In Data Science, missing data is a common concern. Data analysis and modeling might be complicated by missing data. As a result, rows with missing values should be eliminated or replaced with suitable values.
There are three categories of data that are missing:
- Missing Completely At Random (MCAR) is an acronym that stands for “Missing Completely At Random.” It is the most random level of all. This means that the missing values in any feature are unaffected by the values of other features. In the event of lacking data, this is the preferred scenario.
- MAR denotes that the missing values of any feature are influenced by the values of other characteristics.

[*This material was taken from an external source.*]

(* Let $\lambda_1,\lambda_2>0$ and let the input domain be the set of integers $\mathbb{Z}$. Let $\mathcal{M}_{\mathrm{skell}(\lambda_1,\lambda_2)}$ be the algorithm that adds to its input a random integer with the Skellam$(\lambda_1,\lambda_2)$ distribution, and let $f_Z(\cdot;\lambda_1,\lambda_2)$ be the probability mass function of that distribution. A bounded row vector $\vec x=(\dots,x_{-2},x_{-1},x_0,x_1,x_2,\dots)$ belongs to $\mathrm{rowcone}(\{\mathcal{M}_{\mathrm{skell}(\lambda_1,\lambda_2)}\})$ if for all integers $k$, $$\sum_{j=-\infty}^{\infty}(-1)^j f_Z(j;\lambda_1,\lambda_2)\,x_{k+j}\ \ge\ 0.$$
   Context: A random variable has the Skellam$(\lambda_1,\lambda_2)$ distribution if it equals $X-Y$ with $X,Y$ independent, $X\sim$ Poisson$(\lambda_1)$ and $Y\sim$ Poisson$(\lambda_2)$ (Poisson$(\lambda)$ has mass $e^{-\lambda}\lambda^k/k!$ on nonnegative integers $k$). An algorithm is identified with its output probabilities. For algorithms $\mathcal{M}$, $\mathcal{A}$ with $\mathrm{range}(\mathcal{M})\subseteq\mathrm{domain}(\mathcal{A})$ and independent randomness, $\mathcal{A}\circ\mathcal{M}$ runs $\mathcal{M}$ then $\mathcal{A}$ on its output. $\mathrm{CNF}(\mathrm{Priv})$ of a set of algorithms with domain $\mathbb{Z}$ is the smallest set $S$ containing $\mathrm{Priv}$ such that $\mathcal{M}\in S$ implies $\mathcal{A}\circ\mathcal{M}\in S$ for every such $\mathcal{A}$, and $\mathcal{M}_1,\mathcal{M}_2\in S$, $t\in[0,1]$ implies that the algorithm running $\mathcal{M}_1$ with probability $t$ and $\mathcal{M}_2$ with probability $1-t$ is in $S$. $\mathrm{rowcone}(\mathrm{Priv})=\{(c\,P[\mathcal{M}(n)=\omega])_{n\in\mathbb{Z}} : c\ge0,\ \mathcal{M}\in\mathrm{CNF}(\mathrm{Priv}),\ \omega\in\mathrm{range}(\mathcal{M})\}$. *)

From Stdlib Require Import Reals ZArith.
From Coquelicot Require Import Coquelicot.
Open Scope R_scope.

- MNAR stands for “Missing Not At Random.” Missing data that is not at random is a more significant problem, and in this instance, it may be prudent to investigate the data collection process further and try to figure out why the data is missing. For example, why did the majority of individuals in a poll not respond to a given question? Was the question ambiguous?
What should you do with the values that aren’t present?
After we’ve detected the missing values in our data, we’ll need to determine the magnitude of the missing values before taking any further action.
- Ignore the values that are missing– Except when the missing data is a MAR or MNAR, missing data under 10% for an individual instance or observation may usually be ignored. If the incomplete instances are not taken into account, the number of full cases must be adequate for the chosen analytic approach.
- Eliminating a variable– If the data is MCAR or MAR and a feature has a large number of missing values, that feature should be excluded from the analysis. If more than 5% of a feature of a sample’s data is missing, that feature or sample should probably be excluded. To avoid any artificial increases in relationships with independent variables, remove the dependent variable(s) if there are missing values in the instances or observations.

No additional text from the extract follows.